A saner life with a focus on family, friends and community, together with a commitment to “walking lightly on the earth” might result in the emptying of the skyscrapers of Manhattan as our culture moves away from its current focus on wealth, investment and deal-making.

Reviewing Energy Options

A global view should also include a historical view. We need to think comprehensively in both space and time.7 Human beings lived in a sustainable manner for many millennia. A few centuries ago new sources of non-renewable energy were discovered, starting with coal, followed by oil and natural gas and then by uranium (see Figure 5). The standard of living increased rapidly for a very small part of the world’s population. And the population began growing. When cheap and easy fossil fuels became available, the value system of humanity moved away from a community relationship orientation toward the acquisition and consumption of material goods.

Today the primary goal of most people is to consume fossil fuels in the largest quantities that their incomes will allow. The right to the “pursuit of happiness” is guaranteed by our constitution. And the fundamental belief of our modern culture is that “happiness” comes from an increased standard of living, which essentially is increased consumption of fossil fuels and their products.

Our “way of life” is based on using up the remaining fossil fuels by operating a huge variety of machines, including cars and houses stuffed with appliances. At the same time we are eating excessive quantities of food that require 10 calories of fossil fuels for every calorie of food energy provided. This might be sustainable if fossil fuels were infinite and if the atmosphere could absorb all the pollution, primarily CO2, and remain stable. But this is not the case.

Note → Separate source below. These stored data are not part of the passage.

(* Let $1\le N\le M$ and let $u_1,\dots,u_N$ satisfy the genericity conditions: pairwise distinct, $au_j+b\neq0$, $eu_j+f\neq0$, $tu_j\neq u_k$ for $j\neq k$. Let $\mathcal{C}_N^{(1)},\dots,\mathcal{C}_N^{(N)}$ be any $2^N\times2^N$ matrices with $\sum_j\mathcal{C}_N^{(j)}=\mathcal{C}_N$ satisfying, for all $j$ and $k\neq j$, $\mathcal{C}_N^{(j)}\mathcal{A}_N=\frac{eu_j+f}{au_j+b}\mathcal{A}_N\mathcal{C}_N^{(j)}$, $(\mathcal{C}_N^{(j)})^2=0$, $\mathcal{C}_N^{(j)}\mathcal{C}_N^{(k)}=\frac{(eu_j+f)(au_k+b)(u_j-tu_k)}{(au_j+b)(eu_k+f)(tu_j-u_k)}\mathcal{C}_N^{(k)}\mathcal{C}_N^{(j)}$ (such matrices exist). Set \[K=\prod_{j=1}^N\Big(\frac{au_j+b}{eu_j+f}\Big)^j\,\mathrm{Tr}\big[Q\,\mathcal{A}_N^{M-N}\mathcal{C}_N^{(N)}\cdots\mathcal{C}_N^{(1)}\big].\] Then for every particle configuration $1\le x_1<\dots<x_N\le M$, \[\langle x_1\cdots x_N|B(u_N)\cdots B(u_1)|\Omega\rangle=K\sum_{\sigma\in S_N}\prod_{(j,k)\in\mathrm{Inv}(\sigma)}\frac{u_{\sigma(k)}-tu_{\sigma(j)}}{tu_{\sigma(k)}-u_{\sigma(j)}}\prod_{j=1}^N\Big(\frac{eu_{\sigma(j)}+f}{au_{\sigma(j)}+b}\Big)^{x_j}.\]
   Context: Fix complex parameters $t,a,b,c,d,e,f$, all nonzero, with $t\neq1$, satisfying $cd+af=0$ and $tcd+be=0$. The $L$-operator $L_{aj}(u)$ on $W_a\otimes V_j$ ($W_a\cong V_j\cong\mathbb{C}^2$ with basis $|0\rangle,|1\rangle$) has matrix elements $[L(u)]^{\gamma\delta}_{\alpha\beta}={}_a\langle\gamma|{}_j\langle\delta|L_{aj}(u)|\alpha\rangle_a|\beta\rangle_j$: $[L]^{00}_{00}=au+b$, $[L]^{01}_{01}=atu+b$, $[L]^{01}_{10}=(1-t)cu$, $[L]^{10}_{01}=(1-t)d$, $[L]^{10}_{10}=eu+f$, $[L]^{11}_{11}=eu+tf$, all others $0$. Monodromy $T_a(u)=L_{aM}(u)\cdots L_{a1}(u)$, $B(u)={}_a\langle0|T_a(u)|1\rangle_a$. $|\Omega\rangle=|0\rangle^{\otimes M}$; $|x_1\cdots x_N\rangle$ has $|1\rangle$ at sites $x_j$ and $|0\rangle$ elsewhere; bras are duals. For $\sigma\in S_N$, $\mathrm{Inv}(\sigma)=\{(j,k):j<k,\ \sigma(j)>\sigma(k)\}$. $X\otimes Y$ is the Kronecker product $(X_{ik}Y)_{i,k}$. The matrices $\mathcal{A}_n,\mathcal{C}_n$ are defined by $\mathcal{A}_1=\mathrm{diag}(au_1+b,eu_1+f)$, $\mathcal{C}_1=\begin{pmatrix}0&(1-t)cu_1\\0&0\end{pmatrix}$, $\mathcal{A}_{n+1}=\mathrm{diag}(au_{n+1}+b,eu_{n+1}+f)\otimes\mathcal{A}_n+\begin{pmatrix}0&0\\(1-t)d&0\end{pmatrix}\otimes\mathcal{C}_n$, $\mathcal{C}_{n+1}=\begin{pmatrix}0&(1-t)cu_{n+1}\\0&0\end{pmatrix}\otimes\mathcal{A}_n+\mathrm{diag}(atu_{n+1}+b,eu_{n+1}+tf)\otimes\mathcal{C}_n$. Rows/columns of $2^N\times 2^N$ matrices are indexed by $(i_N,\dots,i_1)\in\{0,1\}^N$ consistent with this Kronecker structure (index $0$ first in each factor); $Q$ is the $2^N\times2^N$ matrix with a single entry $1$ in row $(1,\dots,1)$, column $(0,\dots,0)$, and zeros elsewhere (i.e. $Q=|1^N\rangle\langle0^N|$). *)

From HB Require Import structures.
From mathcomp Require Import all_boot all_order all_algebra all_fingroup.
Set Implicit Arguments. Unset Strict Implicit. Unset Printing Implicit Defensive.
Import Order.TTheory GRing.Theory Num.Theory.
Local Open Scope ring_scope.
(* Let $\mu \in X^*(\underline{T})$ be a character. \begin{enumerate} \item $\Lambda_W^\mu$ is the set of $\omega'\in \Lambda_W$ such that $\mathrm{Trns}_{\mu}(\omega', \underline{A}) \in \underline{C}_0 / (p-\pi)X^0(\underline{T})$. In particular, $\mathrm{Trns}_{\mu}(\omega', \underline{A})$ is $p$-regular (since our alcoves are open). \item For any $a\in \mathcal{A}$ and $\omega'\in \Lambda_W^\mu$, the image of $\mathrm{Trns}'_\mu(\omega',a)$ in $\Lambda_W$ is $p$-regular, in the same $\widetilde{\underline{W}}^{\mathrm{der}}$-orbit (for the dot action) as $\omega'+\overline{\mu-\eta}$ and is in alcove $\pi^{-1}(a)$. Moreover, there exists $\widetilde{w}\in \underline{W}_a^{\mathrm{der}}$ such that \[ \mathrm{Trns}_\mu(\omega',a)\equiv \widetilde{w}\cdot \big(\mu-\eta+(1-p\pi^{-1})\circ\mathrm{sec}(\omega')\big)\ \mod (p-\pi)X^0(\underline{T}) \] (note that $\underline{W}_a^{\mathrm{der}}$ acts naturally via the $p$-dot action on $X^*(\underline{T})/(p-\pi)X^0(\underline{T})$). \item $(\mathrm{Trns}_\mu(\omega',a)-\mu+\eta)|_{\underline{Z}}=(\mathrm{Trns}_\mu(\omega',a)-\mu)|_{\underline{Z}}\in (p-\pi)X^*(\underline{Z})$. \end{enumerate}
   Context: Let $\underline{G}=(\mathrm{Res}_{\mathbb{F}_{p^f}/\mathbb{F}_p}\mathrm{GL}_3)\times\mathbb{F}\cong\mathrm{GL}_3^f$ with diagonal torus $\underline T$ and center $\underline Z$, $X^*(\underline T)\cong(\mathbb{Z}^3)^f$, $\eta=((1,0,-1))_i$, $\pi$ the Frobenius shift $(\pi\lambda)_i=\lambda_{i-1}$. Let $\Lambda_W$, $\Lambda_R$ be the weight and root lattices of $\underline G^{\mathrm{der}}\cong\mathrm{SL}_3^f$, $\lambda\mapsto\overline\lambda$ the restriction $X^*(\underline T)\to\Lambda_W$ with kernel $X^0(\underline T)$, $\mathrm{can}:\Lambda_R\to\ker(X^*(\underline T)\to X^*(\underline Z))$ the canonical isomorphism (identifying $\underline W_a^{\mathrm{der}}$ with the affine Weyl group of $\underline G$), and $\mathrm{sec}:\Lambda_W\to X^*(\underline T)$ a fixed section. All actions of (extended) affine Weyl groups are $p$-dot actions $t_\lambda w\cdot\mu=p\lambda+w(\mu+\eta)-\eta$. $\underline{A}$ is the lowest dominant $p$-restricted alcove for $\mathrm{SL}_3^f$, $\underline C_0$ the lowest dominant alcove in $X^*(\underline T)\otimes\mathbb R$, $\mathcal A=\{A,B\}^f$ the dominant $p$-restricted alcoves, $\widetilde{\underline W}^{+,\mathrm{der}}_1$ the elements of $\Lambda_W\rtimes S_3^f$ taking $\underline A$ into $\mathcal A$ (written $wt_{-\pi^{-1}\omega}$). Every element of $\Lambda_W\times\mathcal A$ is uniquely $(\omega+\nu,\pi wt_{-\pi^{-1}\omega}\cdot\underline A)$ with $\nu\in\Lambda_R$, $wt_{-\pi^{-1}\omega}\in\widetilde{\underline W}^{+,\mathrm{der}}_1$, and one defines $\mathrm{Trns}'_\mu(\omega+\nu,\pi wt_{-\pi^{-1}\omega}\cdot\underline A)=wt_{-\pi^{-1}\mathrm{sec}(\omega)}\cdot(\mu-\eta+\mathrm{can}(\nu)+\mathrm{sec}(\omega))\in X^*(\underline T)$ and $\mathrm{Trns}_\mu$ its image in $X^*(\underline T)/(p-\pi)X^0(\underline T)$ (independent of $\mathrm{sec}$). $\Lambda_W^\mu=\{\omega\in\Lambda_W:\omega+\overline{\mu-\eta}\in\underline A\}$. A weight $\lambda$ is $p$-regular if $\langle\lambda+\eta,\alpha^\vee\rangle\notin p\mathbb{Z}$ for all positive roots $\alpha$. *)

From Stdlib Require Import Rdefinitions ClassicalEpsilon.
From HB Require Import structures.
From mathcomp Require Import all_boot all_order all_algebra all_fingroup.
From mathcomp Require Import Rstruct.
Set Implicit Arguments. Unset Strict Implicit. Unset Printing Implicit Defensive.
Import Order.TTheory GRing.Theory Num.Theory.
Local Open Scope ring_scope.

Two often overlooked aspects of energy alternatives are, first, the limited number of options available, and second, the decades that they have been under development. There is nothing currently being proposed that was not proposed first in the 1970s. The unwritten and unsaid fact is that there is no replacement or substitute for fossil fuels. We chose optimizations of the existing fuels and a drive for more efficient machines because this allowed us to continue to consume.

New options are just derivatives of things that have been around for a very long time, such as battery-driven cars or alcohol from food crops. The mantra of our leaders now (looking somewhat dated since it was first stated in the 1970s) is that we must “buy time” until some new discovery can be made. Few point out that we have not discovered any new elements. Carbon and hydrogen have not been superseded by the mythical kryptonite of Superman comics or the fantasy “dilithium crystals” of Star Trek spaceships.

Alternatives to fossil fuels have a much lower Energy Return on Energy Invested (ERORI) and cannot sustain the level of consumption to which we are accustomed. Most people will ignore this, searching the headlines of the paper or frantically surfing the Internet looking for a breakthrough or just choosing to believe optimistic statements from corporations, governments and media. As time goes on, there will be an increasing awareness that our sole option is to go from a growing economy to a contracting economy. Eventually we will curtail our expenditures of fossil fuels because we will have no choice. The longer we wait, the greater the suffering of the poor of the U.S. and the rest of the world.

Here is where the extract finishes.